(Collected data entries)
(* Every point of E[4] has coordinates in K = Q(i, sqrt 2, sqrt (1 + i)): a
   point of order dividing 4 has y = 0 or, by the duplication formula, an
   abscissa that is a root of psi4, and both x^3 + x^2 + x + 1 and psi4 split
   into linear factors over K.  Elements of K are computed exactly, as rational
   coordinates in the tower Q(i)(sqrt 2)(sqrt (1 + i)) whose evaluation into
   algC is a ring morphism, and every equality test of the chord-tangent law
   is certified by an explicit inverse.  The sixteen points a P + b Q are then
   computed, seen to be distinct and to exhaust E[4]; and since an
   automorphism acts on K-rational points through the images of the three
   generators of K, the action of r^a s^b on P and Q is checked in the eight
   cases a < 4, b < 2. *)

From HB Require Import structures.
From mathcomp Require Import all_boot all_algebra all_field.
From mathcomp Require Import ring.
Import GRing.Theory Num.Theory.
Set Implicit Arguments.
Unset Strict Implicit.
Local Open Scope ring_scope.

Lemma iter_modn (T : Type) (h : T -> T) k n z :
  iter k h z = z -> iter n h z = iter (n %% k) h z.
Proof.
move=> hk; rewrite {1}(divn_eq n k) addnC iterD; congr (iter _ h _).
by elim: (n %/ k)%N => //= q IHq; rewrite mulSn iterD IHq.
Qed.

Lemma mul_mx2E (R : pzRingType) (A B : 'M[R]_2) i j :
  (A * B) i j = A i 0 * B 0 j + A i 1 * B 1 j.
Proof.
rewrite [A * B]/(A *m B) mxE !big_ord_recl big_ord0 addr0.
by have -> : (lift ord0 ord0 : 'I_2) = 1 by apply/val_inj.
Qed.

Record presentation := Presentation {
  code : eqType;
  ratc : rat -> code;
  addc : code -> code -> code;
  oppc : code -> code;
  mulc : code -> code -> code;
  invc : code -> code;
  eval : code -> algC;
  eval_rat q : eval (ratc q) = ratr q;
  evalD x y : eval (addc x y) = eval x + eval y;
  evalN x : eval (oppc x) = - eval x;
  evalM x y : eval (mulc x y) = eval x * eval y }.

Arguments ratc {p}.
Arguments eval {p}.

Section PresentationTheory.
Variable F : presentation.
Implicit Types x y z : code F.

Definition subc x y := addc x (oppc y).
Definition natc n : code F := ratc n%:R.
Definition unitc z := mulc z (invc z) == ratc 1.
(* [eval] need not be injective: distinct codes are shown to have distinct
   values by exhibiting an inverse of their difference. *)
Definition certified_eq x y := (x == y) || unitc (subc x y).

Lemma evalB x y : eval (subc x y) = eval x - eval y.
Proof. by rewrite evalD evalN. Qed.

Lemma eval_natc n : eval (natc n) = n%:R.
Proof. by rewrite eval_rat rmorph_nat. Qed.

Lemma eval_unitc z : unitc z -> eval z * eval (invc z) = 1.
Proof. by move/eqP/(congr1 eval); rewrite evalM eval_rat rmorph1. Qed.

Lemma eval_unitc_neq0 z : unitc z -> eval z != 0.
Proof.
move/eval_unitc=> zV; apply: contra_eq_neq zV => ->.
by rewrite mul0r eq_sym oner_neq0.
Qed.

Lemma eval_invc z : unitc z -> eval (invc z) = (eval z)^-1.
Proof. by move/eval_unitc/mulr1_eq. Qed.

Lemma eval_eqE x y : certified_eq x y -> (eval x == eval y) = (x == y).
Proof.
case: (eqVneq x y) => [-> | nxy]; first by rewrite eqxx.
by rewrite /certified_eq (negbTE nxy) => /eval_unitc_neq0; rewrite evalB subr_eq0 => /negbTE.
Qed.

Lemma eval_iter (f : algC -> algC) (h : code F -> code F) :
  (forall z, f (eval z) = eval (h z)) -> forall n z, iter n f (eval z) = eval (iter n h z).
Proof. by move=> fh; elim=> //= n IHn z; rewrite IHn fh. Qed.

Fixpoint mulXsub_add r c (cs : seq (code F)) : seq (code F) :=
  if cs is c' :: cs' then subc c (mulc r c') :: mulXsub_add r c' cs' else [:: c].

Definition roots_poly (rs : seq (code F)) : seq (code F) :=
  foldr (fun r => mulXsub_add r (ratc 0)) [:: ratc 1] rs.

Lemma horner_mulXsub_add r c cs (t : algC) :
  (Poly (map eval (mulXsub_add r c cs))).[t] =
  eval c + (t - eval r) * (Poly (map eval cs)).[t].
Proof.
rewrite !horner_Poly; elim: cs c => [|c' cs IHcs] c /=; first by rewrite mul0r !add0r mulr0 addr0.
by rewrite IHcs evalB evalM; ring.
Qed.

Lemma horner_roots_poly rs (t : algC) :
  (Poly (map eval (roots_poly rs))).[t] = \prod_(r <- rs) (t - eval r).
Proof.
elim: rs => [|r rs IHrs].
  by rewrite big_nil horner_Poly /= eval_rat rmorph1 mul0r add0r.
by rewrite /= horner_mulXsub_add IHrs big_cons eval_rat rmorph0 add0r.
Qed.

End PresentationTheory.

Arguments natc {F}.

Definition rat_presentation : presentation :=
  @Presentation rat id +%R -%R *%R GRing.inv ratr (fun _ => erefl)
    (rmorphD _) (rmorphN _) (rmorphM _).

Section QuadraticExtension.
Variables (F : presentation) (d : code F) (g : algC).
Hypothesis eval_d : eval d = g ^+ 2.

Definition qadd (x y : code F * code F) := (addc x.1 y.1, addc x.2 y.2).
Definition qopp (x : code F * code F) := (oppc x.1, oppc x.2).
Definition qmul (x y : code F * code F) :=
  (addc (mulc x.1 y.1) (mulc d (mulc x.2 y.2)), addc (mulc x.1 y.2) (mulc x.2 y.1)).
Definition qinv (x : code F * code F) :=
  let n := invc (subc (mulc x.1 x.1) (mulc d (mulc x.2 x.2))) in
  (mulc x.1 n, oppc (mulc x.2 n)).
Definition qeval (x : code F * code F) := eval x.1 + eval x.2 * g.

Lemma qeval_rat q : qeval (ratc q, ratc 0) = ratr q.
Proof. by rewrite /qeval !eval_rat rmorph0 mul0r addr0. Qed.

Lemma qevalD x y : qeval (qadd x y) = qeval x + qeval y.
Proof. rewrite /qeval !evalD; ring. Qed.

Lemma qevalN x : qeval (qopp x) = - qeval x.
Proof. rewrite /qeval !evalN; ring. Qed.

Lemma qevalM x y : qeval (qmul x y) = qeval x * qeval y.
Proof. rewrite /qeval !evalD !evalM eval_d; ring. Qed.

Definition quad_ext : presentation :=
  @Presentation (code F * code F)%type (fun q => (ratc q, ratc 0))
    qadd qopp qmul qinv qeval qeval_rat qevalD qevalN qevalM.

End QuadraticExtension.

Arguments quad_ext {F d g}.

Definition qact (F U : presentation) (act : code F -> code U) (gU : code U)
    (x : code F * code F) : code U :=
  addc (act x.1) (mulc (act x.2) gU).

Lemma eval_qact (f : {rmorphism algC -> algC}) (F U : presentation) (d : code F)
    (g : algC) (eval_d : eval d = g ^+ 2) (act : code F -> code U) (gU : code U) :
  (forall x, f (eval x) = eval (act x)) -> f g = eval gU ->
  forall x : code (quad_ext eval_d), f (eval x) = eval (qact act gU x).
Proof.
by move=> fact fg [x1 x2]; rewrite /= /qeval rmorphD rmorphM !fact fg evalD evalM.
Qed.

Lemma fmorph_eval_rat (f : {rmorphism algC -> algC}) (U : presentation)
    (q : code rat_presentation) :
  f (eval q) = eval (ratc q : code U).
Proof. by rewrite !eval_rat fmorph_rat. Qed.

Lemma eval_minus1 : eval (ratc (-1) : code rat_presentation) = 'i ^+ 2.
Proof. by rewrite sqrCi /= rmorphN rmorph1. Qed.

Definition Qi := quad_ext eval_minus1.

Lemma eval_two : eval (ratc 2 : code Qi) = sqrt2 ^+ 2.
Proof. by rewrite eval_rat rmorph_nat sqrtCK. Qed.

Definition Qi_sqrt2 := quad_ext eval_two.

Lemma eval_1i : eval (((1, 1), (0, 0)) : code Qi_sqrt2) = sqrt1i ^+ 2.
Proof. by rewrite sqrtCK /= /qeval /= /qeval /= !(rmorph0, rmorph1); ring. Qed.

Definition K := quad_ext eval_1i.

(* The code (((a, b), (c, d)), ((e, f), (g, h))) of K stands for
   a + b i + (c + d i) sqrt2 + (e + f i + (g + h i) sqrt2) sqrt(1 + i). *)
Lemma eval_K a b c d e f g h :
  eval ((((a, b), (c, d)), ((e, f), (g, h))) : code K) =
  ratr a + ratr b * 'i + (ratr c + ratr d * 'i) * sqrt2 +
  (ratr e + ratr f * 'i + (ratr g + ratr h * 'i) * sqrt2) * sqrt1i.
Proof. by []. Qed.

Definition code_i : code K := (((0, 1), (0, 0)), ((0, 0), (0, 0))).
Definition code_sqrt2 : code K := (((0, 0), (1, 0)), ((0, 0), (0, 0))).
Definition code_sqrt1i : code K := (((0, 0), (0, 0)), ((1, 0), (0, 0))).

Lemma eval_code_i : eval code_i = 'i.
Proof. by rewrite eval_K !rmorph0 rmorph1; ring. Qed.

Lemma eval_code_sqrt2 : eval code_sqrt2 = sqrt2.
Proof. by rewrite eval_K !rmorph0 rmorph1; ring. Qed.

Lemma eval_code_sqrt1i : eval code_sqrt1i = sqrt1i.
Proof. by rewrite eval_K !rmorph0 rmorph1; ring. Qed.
==
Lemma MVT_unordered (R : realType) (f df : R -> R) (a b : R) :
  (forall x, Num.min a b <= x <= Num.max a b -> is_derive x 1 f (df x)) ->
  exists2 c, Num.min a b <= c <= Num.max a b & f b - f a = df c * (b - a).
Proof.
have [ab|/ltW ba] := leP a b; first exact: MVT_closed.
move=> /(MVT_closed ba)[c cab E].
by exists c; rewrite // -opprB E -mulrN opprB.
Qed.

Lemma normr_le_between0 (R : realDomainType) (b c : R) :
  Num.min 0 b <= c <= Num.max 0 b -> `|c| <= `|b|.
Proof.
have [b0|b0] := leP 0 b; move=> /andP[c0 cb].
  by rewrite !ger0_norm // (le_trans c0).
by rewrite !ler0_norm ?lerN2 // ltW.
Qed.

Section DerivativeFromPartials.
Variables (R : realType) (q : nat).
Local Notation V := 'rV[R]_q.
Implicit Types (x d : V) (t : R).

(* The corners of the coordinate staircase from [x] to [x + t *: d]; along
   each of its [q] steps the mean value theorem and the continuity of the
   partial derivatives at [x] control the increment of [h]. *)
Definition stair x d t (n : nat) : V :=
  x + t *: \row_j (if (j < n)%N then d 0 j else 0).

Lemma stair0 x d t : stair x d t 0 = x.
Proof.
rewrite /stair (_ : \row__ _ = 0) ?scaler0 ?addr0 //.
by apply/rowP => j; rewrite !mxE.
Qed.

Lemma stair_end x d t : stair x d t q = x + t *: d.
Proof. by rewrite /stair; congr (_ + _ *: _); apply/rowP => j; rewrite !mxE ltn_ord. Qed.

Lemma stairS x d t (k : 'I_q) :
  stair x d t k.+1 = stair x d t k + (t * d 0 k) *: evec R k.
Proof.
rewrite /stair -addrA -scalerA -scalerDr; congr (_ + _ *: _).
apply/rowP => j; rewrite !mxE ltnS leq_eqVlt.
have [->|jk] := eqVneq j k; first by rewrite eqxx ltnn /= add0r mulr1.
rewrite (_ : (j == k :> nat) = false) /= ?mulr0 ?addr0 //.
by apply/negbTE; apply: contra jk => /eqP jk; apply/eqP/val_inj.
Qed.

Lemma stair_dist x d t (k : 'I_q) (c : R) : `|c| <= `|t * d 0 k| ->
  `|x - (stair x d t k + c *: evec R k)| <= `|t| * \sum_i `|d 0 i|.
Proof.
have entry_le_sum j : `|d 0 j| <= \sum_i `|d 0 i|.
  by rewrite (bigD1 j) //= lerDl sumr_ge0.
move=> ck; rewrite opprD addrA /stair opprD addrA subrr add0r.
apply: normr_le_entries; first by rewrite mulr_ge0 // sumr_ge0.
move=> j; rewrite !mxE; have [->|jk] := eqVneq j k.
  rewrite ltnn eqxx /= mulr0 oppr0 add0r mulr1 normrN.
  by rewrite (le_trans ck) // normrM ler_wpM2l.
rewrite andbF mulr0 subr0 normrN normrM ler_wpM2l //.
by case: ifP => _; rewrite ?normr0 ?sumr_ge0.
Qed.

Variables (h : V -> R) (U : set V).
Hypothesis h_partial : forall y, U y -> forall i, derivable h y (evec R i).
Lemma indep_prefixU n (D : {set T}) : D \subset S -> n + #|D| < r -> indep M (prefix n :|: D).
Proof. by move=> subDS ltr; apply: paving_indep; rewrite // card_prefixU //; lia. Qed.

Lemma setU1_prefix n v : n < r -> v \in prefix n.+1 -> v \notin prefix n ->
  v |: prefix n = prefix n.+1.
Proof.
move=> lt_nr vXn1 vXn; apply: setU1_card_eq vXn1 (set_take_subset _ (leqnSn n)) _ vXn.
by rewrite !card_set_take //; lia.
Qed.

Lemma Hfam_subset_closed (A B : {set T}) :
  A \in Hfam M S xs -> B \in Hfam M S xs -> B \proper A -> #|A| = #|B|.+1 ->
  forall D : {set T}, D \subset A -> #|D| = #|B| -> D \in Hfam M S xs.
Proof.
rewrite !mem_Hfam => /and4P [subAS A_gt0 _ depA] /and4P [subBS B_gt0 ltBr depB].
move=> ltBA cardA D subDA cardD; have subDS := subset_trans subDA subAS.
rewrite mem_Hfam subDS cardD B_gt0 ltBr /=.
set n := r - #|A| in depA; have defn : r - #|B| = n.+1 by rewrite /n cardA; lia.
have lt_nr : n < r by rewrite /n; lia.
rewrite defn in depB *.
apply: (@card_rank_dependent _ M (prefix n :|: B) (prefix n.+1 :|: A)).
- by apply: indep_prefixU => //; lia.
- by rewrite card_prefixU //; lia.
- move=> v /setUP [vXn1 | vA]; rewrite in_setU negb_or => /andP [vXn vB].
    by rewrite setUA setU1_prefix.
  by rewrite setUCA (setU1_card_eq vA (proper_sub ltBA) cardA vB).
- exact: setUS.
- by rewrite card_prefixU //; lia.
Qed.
...
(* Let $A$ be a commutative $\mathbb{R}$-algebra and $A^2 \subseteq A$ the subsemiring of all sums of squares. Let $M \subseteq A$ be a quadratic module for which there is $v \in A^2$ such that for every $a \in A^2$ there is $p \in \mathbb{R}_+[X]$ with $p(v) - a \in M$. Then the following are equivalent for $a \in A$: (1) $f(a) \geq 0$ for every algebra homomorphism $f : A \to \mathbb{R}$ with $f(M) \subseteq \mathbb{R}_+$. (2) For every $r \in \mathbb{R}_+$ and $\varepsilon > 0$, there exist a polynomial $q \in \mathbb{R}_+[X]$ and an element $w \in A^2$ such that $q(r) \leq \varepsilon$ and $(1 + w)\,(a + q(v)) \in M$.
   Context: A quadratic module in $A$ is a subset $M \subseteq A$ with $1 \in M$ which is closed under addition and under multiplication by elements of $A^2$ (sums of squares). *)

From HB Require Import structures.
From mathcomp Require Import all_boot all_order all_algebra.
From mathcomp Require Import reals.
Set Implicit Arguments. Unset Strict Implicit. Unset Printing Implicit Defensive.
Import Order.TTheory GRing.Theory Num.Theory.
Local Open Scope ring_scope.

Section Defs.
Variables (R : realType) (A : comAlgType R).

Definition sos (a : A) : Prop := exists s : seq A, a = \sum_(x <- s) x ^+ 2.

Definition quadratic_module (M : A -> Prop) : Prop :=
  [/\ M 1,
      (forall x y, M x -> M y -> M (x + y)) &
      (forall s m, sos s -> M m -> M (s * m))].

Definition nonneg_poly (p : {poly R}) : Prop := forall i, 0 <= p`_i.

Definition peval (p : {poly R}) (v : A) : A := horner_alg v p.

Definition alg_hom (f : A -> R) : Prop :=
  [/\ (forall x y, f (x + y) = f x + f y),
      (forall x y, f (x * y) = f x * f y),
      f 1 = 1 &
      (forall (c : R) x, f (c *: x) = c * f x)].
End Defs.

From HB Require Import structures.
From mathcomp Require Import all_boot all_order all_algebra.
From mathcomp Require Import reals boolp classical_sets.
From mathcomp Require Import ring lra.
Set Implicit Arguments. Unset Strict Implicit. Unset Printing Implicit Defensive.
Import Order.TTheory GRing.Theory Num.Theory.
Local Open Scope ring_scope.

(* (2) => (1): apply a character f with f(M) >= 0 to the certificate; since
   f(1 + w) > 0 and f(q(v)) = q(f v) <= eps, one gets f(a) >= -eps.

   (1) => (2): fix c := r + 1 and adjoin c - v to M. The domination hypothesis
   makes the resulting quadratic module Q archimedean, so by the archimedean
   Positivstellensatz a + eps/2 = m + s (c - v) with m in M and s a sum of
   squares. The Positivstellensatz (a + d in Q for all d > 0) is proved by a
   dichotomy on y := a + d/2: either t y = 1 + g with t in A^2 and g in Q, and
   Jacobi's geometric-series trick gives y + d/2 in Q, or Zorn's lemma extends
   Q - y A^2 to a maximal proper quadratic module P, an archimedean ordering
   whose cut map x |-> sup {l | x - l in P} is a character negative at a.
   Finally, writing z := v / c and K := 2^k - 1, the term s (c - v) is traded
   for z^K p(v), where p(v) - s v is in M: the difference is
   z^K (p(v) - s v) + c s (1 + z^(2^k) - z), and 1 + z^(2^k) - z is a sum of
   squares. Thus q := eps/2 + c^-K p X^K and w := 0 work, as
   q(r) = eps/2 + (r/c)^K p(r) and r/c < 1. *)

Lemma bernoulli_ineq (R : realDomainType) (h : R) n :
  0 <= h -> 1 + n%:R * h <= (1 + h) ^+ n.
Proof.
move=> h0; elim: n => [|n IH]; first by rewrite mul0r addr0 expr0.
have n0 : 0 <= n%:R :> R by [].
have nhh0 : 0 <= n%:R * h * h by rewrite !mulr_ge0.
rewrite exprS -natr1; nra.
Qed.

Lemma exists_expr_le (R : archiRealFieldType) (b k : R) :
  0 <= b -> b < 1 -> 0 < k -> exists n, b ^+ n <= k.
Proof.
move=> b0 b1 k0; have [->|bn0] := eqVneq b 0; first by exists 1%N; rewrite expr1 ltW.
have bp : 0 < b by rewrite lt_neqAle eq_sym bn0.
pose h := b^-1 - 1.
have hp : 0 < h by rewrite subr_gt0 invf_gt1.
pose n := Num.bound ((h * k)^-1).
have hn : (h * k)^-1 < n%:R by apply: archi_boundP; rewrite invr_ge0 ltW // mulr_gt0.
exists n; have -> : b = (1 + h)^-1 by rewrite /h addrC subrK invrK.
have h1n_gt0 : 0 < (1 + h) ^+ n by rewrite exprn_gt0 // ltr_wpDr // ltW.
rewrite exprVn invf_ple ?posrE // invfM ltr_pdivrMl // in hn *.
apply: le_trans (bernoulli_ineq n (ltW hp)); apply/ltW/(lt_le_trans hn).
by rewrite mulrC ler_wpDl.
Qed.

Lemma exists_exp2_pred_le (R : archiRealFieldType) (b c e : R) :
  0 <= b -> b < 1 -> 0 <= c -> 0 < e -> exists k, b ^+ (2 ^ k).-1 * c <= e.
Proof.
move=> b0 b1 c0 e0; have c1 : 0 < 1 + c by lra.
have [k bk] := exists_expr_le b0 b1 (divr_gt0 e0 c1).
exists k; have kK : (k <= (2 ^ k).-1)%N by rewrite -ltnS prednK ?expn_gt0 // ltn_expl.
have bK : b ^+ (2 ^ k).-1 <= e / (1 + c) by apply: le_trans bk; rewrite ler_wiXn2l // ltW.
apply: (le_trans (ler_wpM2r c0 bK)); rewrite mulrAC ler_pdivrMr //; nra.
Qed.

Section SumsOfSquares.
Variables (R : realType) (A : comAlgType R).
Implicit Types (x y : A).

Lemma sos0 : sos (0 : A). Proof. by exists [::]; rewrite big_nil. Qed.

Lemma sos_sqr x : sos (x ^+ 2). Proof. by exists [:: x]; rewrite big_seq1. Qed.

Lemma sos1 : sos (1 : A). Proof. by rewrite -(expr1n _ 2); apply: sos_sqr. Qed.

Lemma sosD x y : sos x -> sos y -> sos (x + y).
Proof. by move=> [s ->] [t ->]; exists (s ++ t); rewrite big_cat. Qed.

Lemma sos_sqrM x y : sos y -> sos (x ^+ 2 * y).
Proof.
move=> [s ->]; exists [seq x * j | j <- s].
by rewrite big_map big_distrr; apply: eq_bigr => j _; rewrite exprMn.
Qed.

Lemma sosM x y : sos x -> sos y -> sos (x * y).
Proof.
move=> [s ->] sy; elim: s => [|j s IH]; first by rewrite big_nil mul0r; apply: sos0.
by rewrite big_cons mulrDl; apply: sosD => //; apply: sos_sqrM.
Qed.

■ REQUIREMENT
Looking at the entries above, copy out every line in which "mathcomp" occurs.

■ SOLUTION TO THIS PROBLEM
From mathcomp Require Import all_boot all_algebra all_field.
From mathcomp Require Import ring.
From mathcomp Require Import all_boot all_order all_algebra.
From mathcomp Require Import reals.
From mathcomp Require Import all_boot all_order all_algebra.
From mathcomp Require Import reals boolp classical_sets.
From mathcomp Require Import ring lra.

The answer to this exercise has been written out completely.